In laying out the American approach to Iran, Clinton showed how little US foreign policy has changed since the last years of the Bush administration. President Bush famously explained that he would not negotiate with unfriendly regimes because he didn’t want to “reward bad behaviour”. He wanted states like Iran to change of their own accord, not as a result of negotiation but as a pre-condition for being allowed to negotiate.
Clinton embraces this same idea. She rejects the view that as Iran becomes more threatening and approaches nuclear breakout capacity, diplomatic engagement becomes more urgent. Instead she takes the opposite view. “We don’t want to be engaging while they are building their bomb,” she said this week.
Whether the increasingly splintered regime in Iran would or could respond to a serious offer of negotiations is highly uncertain. What is clear, though, is that the regime has not been offered this option. The Obama administration, like its predecessor, has made clear that it is interested in negotiating only one thing: curbs on Iran’s nuclear programme. No country, however, would agree to negotiate only on the question that an adversary singles out, without the chance to bring up others that it considers equally urgent.

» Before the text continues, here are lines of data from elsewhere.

(* Let $\hat G=(\hat V,\hat E,w)$ be a weighted graph admitting a valid partition, and let $\mathcal{C}=\{C_1,\dots,C_m\}$ ($m>1$) be the minimal valid partition of $\hat V$. Suppose there is a claw w.r.t. $\mathcal{C}$, say $\{y_m\mid y_1,y_2,y_3\}$ with $y_i\in C_i$ for $i\in\{1,2,3,m\}$ (after relabeling clusters). For each $i\in[4,m-1]$ fix an arbitrary representative $y_i\in C_i$, let $V'=\{y_1,\dots,y_m\}$, and let $\mathsf{w}=w(y_1,y_m)=w(y_2,y_m)=w(y_3,y_m)$. Call a pair $\{y_a,y_b\}\subseteq V'$ light if $w(y_a,y_b)<\mathsf{w}$. Let $\mathsf{C}\subseteq V'$ be a maximum clique in the graph on $V'$ whose edges are the light pairs, among cliques containing $y_1,y_2,y_3$. For each $y_i\in\mathsf{C}$ let $\Pi_i=(C_i,\ \bigcup_{\ell\ne i}C_\ell)$. Then $\hat G$ has a valid bi-partition if and only if $\Pi_i$ is valid for some $y_i\in\mathsf{C}$.
   Context: Weights are symmetric, nonnegative, $0$ for non-edges. A partition $\mathcal{S}=(S_1,\dots,S_t)$, $t>1$, of $\hat V$ into nonempty disjoint sets is valid w.r.t. $\hat G$ if (i) for every triple of distinct vertices $v_i,v_j,v_k$ with $w_{ij}>\max\{w_{ik},w_{jk}\}$, either all three lie in the same part, or $v_i,v_j$ lie in one part and $v_k$ in another; and (ii) for every triple with $w_{ij}=w_{ik}>w_{jk}$, it is not the case that $v_j,v_k$ lie in the same part while $v_i$ lies in a different part. A valid bi-partition is a valid partition with two parts. The minimal valid partition is a valid partition $\mathcal{C}$ that refines every valid partition (each part of $\mathcal{C}$ is contained in some part of any other valid partition); it exists whenever a valid partition exists. Four vertices $\{v_i\mid v_j,v_k,v_\ell\}$ form a claw w.r.t. $\mathcal{C}$ if they lie in four different parts of $\mathcal{C}$ and $w_{ij}=w_{ik}=w_{i\ell}>\max\{w_{jk},w_{j\ell},w_{k\ell}\}$. *)

From HB Require Import structures.
From mathcomp Require Import all_boot all_order all_algebra.
Set Implicit Arguments. Unset Strict Implicit. Unset Printing Implicit Defensive.
Import Order.TTheory GRing.Theory Num.Theory.
Local Open Scope ring_scope.
Lemma Dr_pressure_gamma3 r t : Om r t ->
  Dr (pressure K 3 rho) r t = 3 * K * rho r t ^ 2 * Dr rho r t.
Proof.
  intros H; unfold Dr, pressure.
  rewrite (Derive_ext_loc _ (fun s => K * rho s t ^ 3)).
  - pose proof (proj1 (Hrho_s nil r t H)) as Hr; cbn [Diter] in Hr.
    apply is_derive_unique; auto_derive; [exact Hr | simpl; ring].
  - generalize (open_domain_locally_r Om HOm r t H); apply filter_imp; intros s Hs.
    replace 3 with (INR 3) by (simpl; ring).
    rewrite Rpower_pow; [reflexivity | apply (Hrho_pos s t Hs)].
Qed.

Lemma euler_nonconservative r t : Om r t ->
  Dt rho r t = - (INR m / r * rho r t * u r t) - Dr rho r t * u r t - rho r t * Dr u r t /\
  Dt u r t = - (u r t * Dr u r t) - 3 * K * rho r t * Dr rho r t.
Proof.
  intros H; pose proof (Hpos r t H) as Hr; pose proof (Hrho_pos r t H) as Hrho.
  assert (Hrm : 0 < r ^ m) by (apply pow_lt, Hr).
  destruct (Hrho_s nil r t H) as [Hrho_r [Hrho_t _]]; destruct (Hu_s nil r t H) as [Hu_r [Hu_t _]].
  cbn [Diter] in Hrho_r, Hrho_t, Hu_r, Hu_t.
  assert (Hpow : INR m * r ^ Init.Nat.pred m = INR m / r * r ^ m).
  { destruct m; simpl; field; lra. }
  assert (Dmass_t : Dt (fun r t => r ^ m * rho r t) r t = r ^ m * Dt rho r t).
  { unfold Dt; apply is_derive_unique; auto_derive; [exact Hrho_t | ring]. }
  assert (Dmass_r : Dr (fun r t => r ^ m * rho r t * u r t) r t
      = INR m / r * r ^ m * rho r t * u r t + r ^ m * (Dr rho r t * u r t + rho r t * Dr u r t)).
  { unfold Dr; apply is_derive_unique; auto_derive; [auto | rewrite Hpow; ring]. }
  assert (Dmom_t : Dt (fun r t => r ^ m * rho r t * u r t) r t
      = r ^ m * (Dt rho r t * u r t + rho r t * Dt u r t)).
  { unfold Dt; apply is_derive_unique; auto_derive; [auto | ring]. }
  assert (Dmom_r : Dr (fun r t => r ^ m * rho r t * u r t ^ 2) r t
      = INR m / r * r ^ m * rho r t * u r t ^ 2
        + r ^ m * (Dr rho r t * u r t ^ 2 + 2 * rho r t * u r t * Dr u r t)).
  { unfold Dr; apply is_derive_unique; auto_derive; [auto | rewrite Hpow; simpl; ring]. }
  destruct (Heuler r t H) as [Emass Emom].
  rewrite Dmass_t, Dmass_r in Emass.
  rewrite Dmom_t, Dmom_r, (Dr_pressure_gamma3 r t H) in Emom.
  assert (Erho : Dt rho r t
      = - (INR m / r * rho r t * u r t) - Dr rho r t * u r t - rho r t * Dr u r t).
  { apply (Rmult_eq_reg_l (r ^ m)); [nra | lra]. }
  split; [exact Erho |].
  rewrite Erho in Emom.
  apply (Rmult_eq_reg_l (r ^ m * rho r t)); [nra | apply Rgt_not_eq, Rmult_lt_0_compat; assumption].
Qed.

Lemma hh_gamma3 r t : Om r t -> hh K 3 rho r t = sqrt (K * 3) * rho r t.
Proof.
  intros H; unfold hh; replace ((3 - 1) / 2) with 1 by field.
  rewrite Rpower_1; [reflexivity | apply (Hrho_pos r t H)].
Qed.

Lemma Dr_hh_gamma3 r t : Om r t -> Dr (hh K 3 rho) r t = sqrt (K * 3) * Dr rho r t.
Proof.
  intros H; unfold Dr; rewrite (Derive_ext_loc _ (fun s => sqrt (K * 3) * rho s t)).
  - apply Derive_scal.
  - generalize (open_domain_locally_r Om HOm r t H); apply filter_imp; intros s Hs.
    apply hh_gamma3, Hs.
Qed.

Lemma Dr_riemann_invariant c r t : Om r t ->
  Dr (riemann_invariant c rho u) r t = Dr u r t + c * Dr rho r t.
Proof. exact (smooth_on_Diter_lin Om HOm u rho c (true :: nil) r t Hu_s Hrho_s). Qed.

Lemma Dt_riemann_invariant c r t : Om r t ->
  Dt (riemann_invariant c rho u) r t = Dt u r t + c * Dt rho r t.
Proof. exact (smooth_on_Diter_lin Om HOm u rho c (false :: nil) r t Hu_s Hrho_s). Qed.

A more promising approach would be to tell Iran what President Nixon told China 35 years ago: if you agree to consider all of our complaints, we will consider all of yours. Clinton has made clear that the US will make no such offer. Instead it clings to the decades-old American policy toward Iran: make demands of the regime, threaten it, pressure it, sanction it, seek to isolate it, and hope for some vaguely defined positive result.
Some of America’s most seasoned diplomats are eager for the chance to see what kind of a “grand bargain” they could strike with Iran. An ideal one would curb the nuclear programme, guarantee some measure of protection for brave Iranians who are being brutalised for defending democratic ideals, and give Iran security guarantees that might lure it out of its isolation and lay the groundwork for a new security architecture in the Middle East. Instead the US has fallen back on sabre-rattling. This pleases Israel, war hawks in Washington, so-called American allies like Saudi Arabia – and most of all, President Ahmadinejad and his reactionary comrades in Tehran. They thrive on confrontation, and are doing all they can to bait the US into attacking their country. It is a strategy as effective as it is dangerous.